In accordance with 10 CFR 55.31(a)(5) an applicant for a reactor operator or senior reactor operator license must perform five significant reactivity manipulations. On October 22, 2003, a member of the licensees staff provided the inspectors with a letter from the licensee to the NRC dated October 17, 2000, in which the licensee requested an exemption from the requirements of 10 CFR 55.31(a)(5) in order to take credit for reactivity manipulations performed on the site specific simulator prior to rulemaking on 10 CFR 55.46 taking effect; and a copy of a letter from John Zwolinski of the NRC to Oliver Kingsley of Exelon, dated July 2, 2001, which accepted the alternate method of performing reactivity manipulations based on the understanding that the licensee met all the commitments made to the NRC in letters dated October 17, 2000, November 22, 2000, and April 5, 2001.
In March 2002, the licensee used the simulator to take credit for reactivity manipulations performed by one reactor operator and one senior reactor operator initial license candidates required by 10 CFR 55.31(a)(5) in order to apply to take the initial license examination in 2002. The NRC will not grant approval to take the initial license examination without the successful completion of the five reactivity manipulations. These reactivity manipulations were documented on the two initial license candidates NRC Form 398s, Personal Qualification Statement - Licensee. Both candidates passed the subsequent initial license examination and were granted licenses on May 13, 2002.
The October 17, 2000, letter requesting the exemption stated, to verify that the simulators performance matches the designed core, a series of tests are run. Tests are run to verify that the simulators reactor power profiles at full power match the design code for the same set of conditions. To verify that the response of the simulator core model is accurate, additional tests are run to determine reactivity coefficients. Void reactivity, moderator temperature coefficient of reactivity, doppler coefficient of reactivity, xenon worth, and control rod worth are all tested against design code values for Dresden Nuclear Power Station, LaSalle County Station, and Quad Cities Nuclear Power Station.
On October 29, 2003, the licensee provided copies to the inspectors of the reactivity coefficient testing results described in the October 17, 2000 letter. These tests were performed by a licensee contractor between January and March 2002. Each test cover sheet was signed as accepted by an Exelon employee that was not a member of the licensees staff. The inspectors identified that significant portions of the testing results exceeded the acceptance criteria stated within the text of four of the five test procedures.

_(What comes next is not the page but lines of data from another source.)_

Lemma dual_value_weights (l : lpcon I J -> R) (d : dvar I J R) :
  l CBudget = mu1 d -> (forall j, l (CLink j) = nu d j) ->
  (forall j, l (CCap j) = sig d j) ->
  (forall i, l (CServeGe i) - l (CServeLe i) = eta d i) ->
  (forall i, l (CDelay i) = xi d i) -> (forall i j, l (CAccess i j) = tau d i j) ->
  dual_value d = fixed_cost - \sum_c l c * lpconst c.
Proof.
move=> budget link cap serve delay access; rewrite sum_lpconst /dual_value -/fixed_cost.
have -> : \sum_j nu d j * ((t j)%:R - (z j)%:R)
          = - \sum_j l (CLink j) * ((z j)%:R - (t j)%:R).
  by rewrite -sumrN; apply: eq_bigr => j _; rewrite link; ring.
have -> : \sum_i Rq P i k * eta d i
          = - \sum_i (l (CServeLe i) - l (CServeGe i)) * Rq P i k.
  by rewrite -sumrN; apply: eq_bigr => i _; rewrite -serve; ring.
have -> : \sum_i Rq P i k * Dm P k * xi d i
          = \sum_i l (CDelay i) * (Dm P k * Rq P i k).
  by apply: eq_bigr => i _; rewrite delay; ring.
have -> : \sum_j Cap P j * (t j)%:R * sig d j
          = \sum_j l (CCap j) * (Cap P j * (t j)%:R).
  by apply: eq_bigr => j _; rewrite cap; ring.
have -> : \sum_i \sum_j (aa P i j k)%:R * tau d i j * Rq P i k
          = \sum_i \sum_j l (CAccess i j) * ((aa P i j k)%:R * Rq P i k).
  by apply: eq_bigr => i _; apply: eq_bigr => j _; rewrite access; ring.
by rewrite budget; ring.
Qed.

Lemma lpcost_ge0 : params_ok P -> (forall j, 0 <= p j) -> forall v, 0 <= lpcost v.
Proof.
move=> [_ [_ [dd_ge0 [dd0_ge0 [_ [_ [_ [wk_ge0 [psi_ge0 [_ [_ [_ [_ [p0_ge0 _]]]]]]]]]]]]]].
move=> p_ge0.
by case=> * /=; rewrite ?mulr_ge0.
Qed.

Definition dual_of (l : lpcon I J -> R) : dvar I J R :=
  DVar (l CBudget) (l CFlow0) (fun j => l (CLink j)) (fun j => l (CFlow j))
       (fun j => l (CCap j)) (fun i => l (CDelay i)) (fun i j => l (CAccess i j))
       (fun i => l (CServeGe i) - l (CServeLe i)).

Lemma dual_certificate_exists :
  params_ok P -> (forall j, 0 <= p j) ->
  (forall v, Sk P k p ps z v -> (forall j, ft v j = t j) ->
     Ck P k p ps (fol s k) <= Ck P k p ps v) ->
  exists d, dual_ok P k s t d.
Proof.
move=> ok p_ge0 fol_min.
have [|x x_feas|l l_ge0 [l_coef l_const]] :=
  @affine_farkas _ _ _ lpform lpcost (fixed_cost - Ck P k p ps (fol s k)).
- exists (fun c => if c is CSign v then lpcost v else 0) => [[v|||||||||]|v] //=.
    exact: lpcost_ge0.
  by rewrite sum_lpcoef /=; case: v => * /=; ring.
- have x_slack c : 0 <= lpslack c x by rewrite -aeval_lpform.
  have := fol_min _ (Sk_fvar_of x_slack) (fun j => erefl).
  by rewrite Ck_fvar_of /aeval /=; lra.
have sign v : 0 <= lpcost v + lpcoefT l v.
  by rewrite l_coef sum_lpcoef subrK l_ge0.
exists (dual_of l); split; first by do !split=> *; apply: l_ge0.
split; first by have := sign VY0; rewrite /=; lra.
split; first by move=> j; have := sign (VY j); rewrite /=; lra.
split; first by move=> i; have := sign (VX0 i); rewrite /=; lra.
split; first by move=> i; have := sign (VQ i); rewrite /=; lra.
split; first by move=> i j; have := sign (VX i j); rewrite /=; lra.
change (Ck P k p ps (fol s k) <= dual_value (dual_of l)).
by rewrite (@dual_value_weights l) //; move: l_const; rewrite /=; lra.
Qed.

(* The free dual variable eta is split as the difference of two nonnegative
   multipliers, and the multipliers of the sign constraints are the dual slacks. *)
Definition dual_multipliers (d : dvar I J R) (c : lpcon I J) : R :=
  match c with
  | CSign _ => 0
  | CBudget => mu1 d
  | CLink j => nu d j
  | CCap j => sig d j
  | CFlow0 => mu2 d
  | CFlow j => Gam d j
  | CServeLe i => Num.max (eta d i) 0 - eta d i
  | CServeGe i => Num.max (eta d i) 0
  | CDelay i => xi d i
  | CAccess i j => tau d i j
  end.

Definition dual_weights (d : dvar I J R) (c : lpcon I J) : R :=
  if c is CSign v then lpcost v + lpcoefT (dual_multipliers d) v
  else dual_multipliers d c.

Lemma dual_certificate_bound (d : dvar I J R) (v : fvar I J R) :
  dual_ok P k s t d -> Sk P k p ps z v -> (forall j, ft v j = t j) ->
  Ck P k p ps (fol s k) <= Ck P k p ps v.
Proof.
move=> [[mu1_ge0 [mu2_ge0 [nu_ge0 [Gam_ge0 [sig_ge0 [xi_ge0 tau_ge0]]]]]]].
move=> [dY0 [dY [dX0 [dQ [dX bound]]]]] v_feas ft_t.
have l_ge0 c : 0 <= dual_weights d c.
  case: c => [[i|i j|i||j]||j|j||j|i|i|i|i j] /=.
  all: rewrite ?subr_ge0 ?le_max ?lexx ?orbT //.
  - by have := dX0 i; lra.
  - by have := dX i j; lra.
  - by have := dQ i; lra.
  - by have := dY0; lra.
  - by have := dY j; lra.
have l_coef w : lpcost w = \sum_c dual_weights d c * lpcoef c w.
  by rewrite sum_lpcoef /=; case: w => * /=; ring.
have v_slack c : 0 <= aeval (lpform c) (point_of v).
  by rewrite aeval_lpform; apply: lpslack_point_of.
have := weak_duality (g := lpform) l_ge0 l_coef v_slack.
move: bound; rewrite -/(dual_value d) (@dual_value_weights (dual_weights d)) //=.
  by rewrite (Ck_point_of ft_t); lra.
by move=> i; ring.
Qed.

End FollowerLP.

Lemma argmax_projection (R : realFieldType) (S D : Type) (f : S -> R)
    (F : S -> Prop) (G : S -> D -> Prop) :
  (forall s, F s <-> exists d, G s d) ->
  forall s, (F s /\ forall s', F s' -> f s' <= f s) <->
            exists d, G s d /\ forall s' d', G s' d' -> f s' <= f s.
Proof.
move=> FG s; split=> [[/FG [d Gsd] s_max]|[d [Gsd s_max]]].
  by exists d; split=> // s' d' Gs'd'; apply/s_max/FG; exists d'.
split=> [|s' /FG [d' Gs'd']]; last exact: s_max Gs'd'.
by apply/FG; exists d.
Qed.

Lemma bmip_feas_bmip1_feas (I J K : finType) (R : realFieldType)
    (P : params I J K R) s :
  bmip_feas P s <-> bmip1_feas P s.
Proof.
split=> [[H_s fol_opt]|[H_s fol_feas fol_min]]; last first.
  by split=> // k; split; [apply: fol_feas|apply: fol_min].
by split=> // k; have [] := fol_opt k.
Qed.

Lemma bmip1_feas_bmipe_feas (I J K : finType) (R : realFieldType)
    (P : params I J K R) s :
  params_ok P -> bmip1_feas P s <-> exists du, bmipe_feas P s du.
Proof.
move=> ok; split=> [[H_s fol_feas fol_min]|[du [H_s fol_feas du_ok]]]; last first.
  split=> // k v v_feas.
  apply: (dual_certificate_bound (du_ok k [ffun j => ft v j])) => // j.
  by rewrite ffunE.
have p_ge0 j : 0 <= pp s j.
  case: H_s => _ _ /(_ j) p_menu _.
  case: ok => _ [_ [_ [_ [_ [_ [_ [_ [_ [_ [_ [_ [_ [_ /(_ j) [/allP p_menu_ge0 _]]]]]]]]]]]]]].
  exact: p_menu_ge0.
have [du du_ok] : exists du : K * {ffun J -> bool} -> dvar I J R,
    forall kt, dual_ok P kt.1 s kt.2 (du kt).
  apply: (functional_choice (fun kt d => dual_ok P kt.1 s kt.2 d)) => -[k tl] /=.
  by apply: (dual_certificate_exists ok p_ge0) => v v_feas _; apply: fol_min.
by exists (fun k tl => du (k, tl)); split=> // k tl; apply: (du_ok (k, tl)).
Qed.

Theorem proposition3 (I J K : finType) (R : realFieldType)
  (P : params I J K R) :
  params_ok P ->
  (exists s, bmip_opt P s) ->
  (exists s du, bmip1_opt P s /\ bmipe_opt P s du) /\
  (forall s, bmip1_opt P s <-> exists du, bmipe_opt P s du).
Proof.
move=> ok [s0 s0_opt].
have bmip1_bmipe := argmax_projection (profit P) (bmip1_feas_bmipe_feas (P := P) ^~ ok).
split=> //.
have s0_opt1 : bmip1_opt P s0.
  case: s0_opt => /bmip_feas_bmip1_feas s0_feas s0_max.
  by split=> // s' /bmip_feas_bmip1_feas; apply: s0_max.
have [du du_opt] := (bmip1_bmipe s0).1 s0_opt1.
by exists s0, du.
Qed.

There was no documented explanation as to why the test results which exceeded the test procedure acceptance criteria were acceptable. The inspectors interviewed the Exelon employee that signed for accepting the test results. The only explanation given for why the test results were accepted with data exceeding the acceptance criteria was the engineering judgement of the individual accepting the test results. The test results were not reviewed by any other Exelon or licensee employee. The inspectors did not have the nuclear engineering background to assess the engineering judgement of the individual that evaluated the test results. Further review of the test results was necessary by the NRC staff.
What remains unresolved is, did the licensee successfully meet the commitments made to the NRC in the licensees October 17, 2000 letter requesting an exemption from 10 CFR 55.31(a)(5) in order to use the simulator to meet the required reactivity manipulations? This is an Unresolved Item (URI 05000373/2003005-01; 05000374/2003005-01).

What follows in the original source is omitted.